In this Colab, we will be implementing neural style transfer to recreate a given image using the style properties of another. By utilizing the [VGG19](https://arxiv.org/abs/1409.1556) model to extract features from specific layers, we can calculate style and content losses to further improve our new generating image.

![style](images/style.jpg)

# Imports and Data Preprocessing

Importing the necessary libraries before continuing.

In [None]:
import os
import tensorflow as tf
import numpy as np
import matplotlib.pyplot as plt
from IPython.display import display as display_fn
from keras import backend as K
from IPython.display import Image, clear_output

 We define utility functions used in loading, displaying and preprocessing our style + content images before they can be inputted into our model.

In [None]:
def load_img(img_path, max_dim = 512):
  image = tf.io.read_file(img_path)
  image = tf.io.decode_jpeg(image)
  image = tf.image.convert_image_dtype(image, tf.float32)

  img_shape = tf.cast(tf.shape(image)[:-1], tf.float32)
  long_dim = max(img_shape)
  scale_factor = max_dim / long_dim

  new_shape = tf.cast(img_shape * scale_factor, dtype=tf.int32)
  image = tf.image.resize(image, new_shape)
  image = image[tf.newaxis, :]
  image = tf.image.convert_image_dtype(image, tf.uint8)

  return image

def display_imgs(images, titles=[]):
  plt.figure(figsize=(18,10))
  for idx, (image, title) in enumerate(zip(images,titles)):
    plt.subplot(1, len(images), idx + 1)
    plt.axis('off')
    if(len(tf.shape(image)) > 3): image = tf.squeeze(image)
    plt.imshow(image)
    plt.title(title)

def preprocess_img(image):
  image = tf.cast(image, tf.float32)
  image = tf.keras.applications.vgg19.preprocess_input(image)

  return image

# Downloading Images

The cells below will download a puppy dog image to use as our content and Van Goghs famous Starry Night painting to style with.


In [None]:
img_dir = 'images'
if not os.path.exists(img_dir): os.makedirs(img_dir)

!wget -q -O ./images/dog.jpg https://cdn.pixabay.com/photo/2020/06/30/22/34/dog-5357794__340.jpg
!wget -q -O ./images/night.jpg https://upload.wikimedia.org/wikipedia/commons/thumb/e/ea/Van_Gogh_-_Starry_Night_-_Google_Art_Project.jpg/1024px-Van_Gogh_-_Starry_Night_-_Google_Art_Project.jpg

content_path = f'{img_dir}/dog.jpg'
style_path = f'{img_dir}/night.jpg'

In [None]:
content_img = load_img(content_path); style_img = load_img(style_path)
display_imgs([content_img, style_img], ["content img", "style img"])

# Creating the Model

Below is an image displaying the architecture of the VGG-19 model we are using for feature extraction.
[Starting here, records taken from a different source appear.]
Lemma pseries_partial_sum_circle_le rho e : (0 <= rho < 1)%R -> (0 < e)%R ->
  exists M0, forall M, (M0 <= M)%nat -> forall x, Cmod x = rho ->
    (Cmod (csum M (fun k => b k * x ^ k))%C <= 1 + e)%R.
Proof.
  intros Hr He. destruct (pseries_tail_geometric rho Hr) as [K [q [HK [Hq Ht]]]].
  destruct (pow_lt_1_zero q ltac:(rewrite Rabs_right; lra) (e * (1 - q) / (K + 1))%R)
    as [M0 HM0]; [apply Rdiv_lt_0_compat; [apply Rmult_lt_0_compat |]; lra |].
  exists M0. intros M HM x Hx.
  assert (HqM : (K * q ^ M / (1 - q) <= e)%R).
  { specialize (HM0 M HM). rewrite Rabs_right in HM0 by (apply Rle_ge, pow_le; lra).
    apply Rmult_le_reg_r with (1 - q)%R; [lra |].
    replace (K * q ^ M / (1 - q) * (1 - q))%R with (K * q ^ M)%R by (field; lra).
    apply Rle_trans with (K * (e * (1 - q) / (K + 1)))%R; [apply Rmult_le_compat_l; lra |].
    apply Rmult_le_reg_r with (K + 1)%R; [lra |]. field_simplify; nra. }
  pose proof (Ht x Hx M). pose proof (Hphi x ltac:(lra)).
  set (s := csum M (fun k => b k * x ^ k)) in *.
  replace s with (phi x - (phi x - s)) by ring.
  eapply Rle_trans; [apply Cmod_triangle |]. rewrite Cmod_opp. lra.
Qed.

(* Sample the partial sums on the circle of radius [rho] at the [M]-th roots of
   unity, for [M] large, and apply discrete Parseval. *)
Lemma Parseval_circle rho L : (0 <= rho < 1)%R ->
  (rsum L (fun m => (Cmod (b m) * rho ^ m) ^ 2) <= 1)%R.
Proof.
  intros Hr. apply le_1_of_le_sqr_1_plus. intros e He.
  destruct (pseries_partial_sum_circle_le rho e Hr He) as [M0 HM0].
  set (M := S (max L M0)).
  assert (HM : (0 < INR M)%R) by (apply lt_0_INR; unfold M; lia).
  set (q := fun m => b m * RtoC (rho ^ m)).
  set (P := fun j => csum M (fun m => q m * (unity_root M ^ j) ^ m)).
  assert (HP : forall j, (Cmod (P j) <= 1 + e)%R).
  { intros j. set (x := RtoC rho * unity_root M ^ j).
    assert (Hx : Cmod x = rho).
    { unfold x. rewrite Cmod_mult, Cmod_unity_root_pow, Cmod_R, Rabs_right; lra. }
    replace (P j) with (csum M (fun k => b k * x ^ k)).
    - apply HM0; [unfold M; lia | exact Hx].
    - apply csum_ext. intros k _. unfold q, x. rewrite Cpow_mult_l, RtoC_pow. ring. }
  pose proof (discrete_Parseval M ltac:(unfold M; lia) q) as E.
  change (csum M (fun j => P j * Cconj (P j))
          = RtoC (INR M) * csum M (fun m => q m * Cconj (q m))) in E.
  rewrite (csum_ext M (fun j => P j * Cconj (P j)) (fun j => RtoC (Cmod (P j) ^ 2)))
    in E by (intros; rewrite Cmod2_conj; auto).
  rewrite (csum_ext M (fun m => q m * Cconj (q m)) (fun m => RtoC (Cmod (q m) ^ 2)))
    in E by (intros; rewrite Cmod2_conj; auto).
  rewrite <- !RtoC_rsum, <- RtoC_mult in E. apply RtoC_inj in E.
  assert (Hup : (rsum M (fun j => Cmod (P j) ^ 2) <= INR M * (1 + e) ^ 2)%R).
  { rewrite <- rsum_const. apply rsum_le. intros j _.
    pose proof (HP j). pose proof (Cmod_ge_0 (P j)). nra. }
  assert (Hlow : (rsum L (fun m => (Cmod (b m) * rho ^ m) ^ 2)
                  <= rsum M (fun m => Cmod (q m) ^ 2))%R).
  { replace M with (L + (M - L))%nat by (unfold M; lia). rewrite rsum_add.
    assert (0 <= rsum (M - L) (fun i => Cmod (q (L + i)%nat) ^ 2))%R
      by (apply rsum_nonneg; intros; apply pow2_ge_0).
    rewrite (rsum_ext L _ (fun m => Cmod (q m) ^ 2)%R); [lra |].
    intros k _. unfold q. rewrite Cmod_mult, Cmod_R, Rabs_right; auto.
    apply Rle_ge, pow_le; lra. }
  assert (rsum M (fun m => Cmod (q m) ^ 2) <= (1 + e) ^ 2)%R
    by (apply Rmult_le_reg_l with (INR M); lra).
  lra.
Qed.

Lemma Parseval_le_1 L : (rsum L (fun m => Cmod (b m) ^ 2) <= 1)%R.
Proof.
  apply Rnot_lt_le. intros HS. set (S1 := rsum L (fun m => Cmod (b m) ^ 2)%R) in *.
  set (s := (/ S1)%R).
  assert (Hs : (0 < s < 1)%R).
  { unfold s. split; [apply Rinv_0_lt_compat; lra |].
    rewrite <- Rinv_1. apply Rinv_lt_contravar; lra. }
  pose proof (pos_INR L).
  set (d := ((1 - s) / (2 * (INR L + 1)))%R).
  assert (Hd : (0 < d <= 1 / 2)%R).
  { unfold d. split; [apply Rdiv_lt_0_compat; lra |].
    apply Rmult_le_reg_r with (2 * (INR L + 1))%R; [lra |]. field_simplify; nra. }
  set (rho := (1 - d)%R).
  assert (Hrho : ((1 + s) / 2 <= rho ^ L)%R).
  { eapply Rle_trans; [| apply pow_1_sub_ge; lra]. unfold d.
    apply Rmult_le_reg_r with (2 * (INR L + 1))%R; [lra |]. field_simplify; nra. }
  assert (Hlow : ((rho ^ L) ^ 2 * S1 <= rsum L (fun m => (Cmod (b m) * rho ^ m) ^ 2))%R).
  { unfold S1. rewrite <- rsum_scal. apply rsum_le. intros m Hm.
    assert (0 <= rho ^ m)%R by (apply pow_le; unfold rho; lra).
    assert (rho ^ L <= rho ^ m)%R.
    { replace L with (m + (L - m))%nat by lia. rewrite pow_add.
      assert (rho ^ (L - m) <= 1)%R by (apply pow_le_1; unfold rho; lra).
      assert (0 <= rho ^ (L - m))%R by (apply pow_le; unfold rho; lra). nra. }
    assert (0 <= rho ^ L)%R by (apply pow_le; unfold rho; lra).
    rewrite Rpow_mult_distr. pose proof (pow2_ge_0 (Cmod (b m))).
    assert ((rho ^ L) ^ 2 <= (rho ^ m) ^ 2)%R by (apply pow_incr; lra). nra. }
  pose proof (Parseval_circle rho L ltac:(unfold rho; lra)).
  assert (S1 * s = 1)%R by (unfold s; field; lra).
  assert (((1 + s) / 2) ^ 2 * S1 > 1)%R by (assert (((1 + s) / 2) ^ 2 > s)%R by nra; nra).
  assert (((1 + s) / 2) ^ 2 <= (rho ^ L) ^ 2)%R by (apply pow_incr; lra).
  nra.
Qed.
End Parseval.

(** * An integral bound *)

(* [H = sum_j b_j z^(j+1) / (j+1)] is [int_0^1 z phi(t z) dt]; its projections
   [Re (w H)] are integrals of real power series in [t]. *)
Section Primitive.
Variables (b : nat -> C) (phi : C -> C).
Hypothesis Hb : forall z, (Cmod z < 1)%R -> is_Cseries (fun k => b k * z ^ k) (phi z).
Hypothesis Hphi : forall z, (Cmod z < 1)%R -> (Cmod (phi z) <= 1)%R.
Variable z : C.
Hypothesis Hz : (Cmod z < 1)%R.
We will need to select certain layers to output from that will be used to compute the losses for the image. Thus we will drop the fully-connected layers at the end for our purposes.

![vgg](images/vgg.png)


Due to the nature of convolutional networks, it makes sense to choose a layer deeper in the network for the content as they are able to learn more complex high level features. The style layers have been chosen as the first layer in each convolutional block through experimentation.

In [None]:
content_layers = ['block5_conv2']
style_layers = ['block1_conv1', 'block2_conv1', 'block3_conv1', 'block4_conv1','block5_conv1']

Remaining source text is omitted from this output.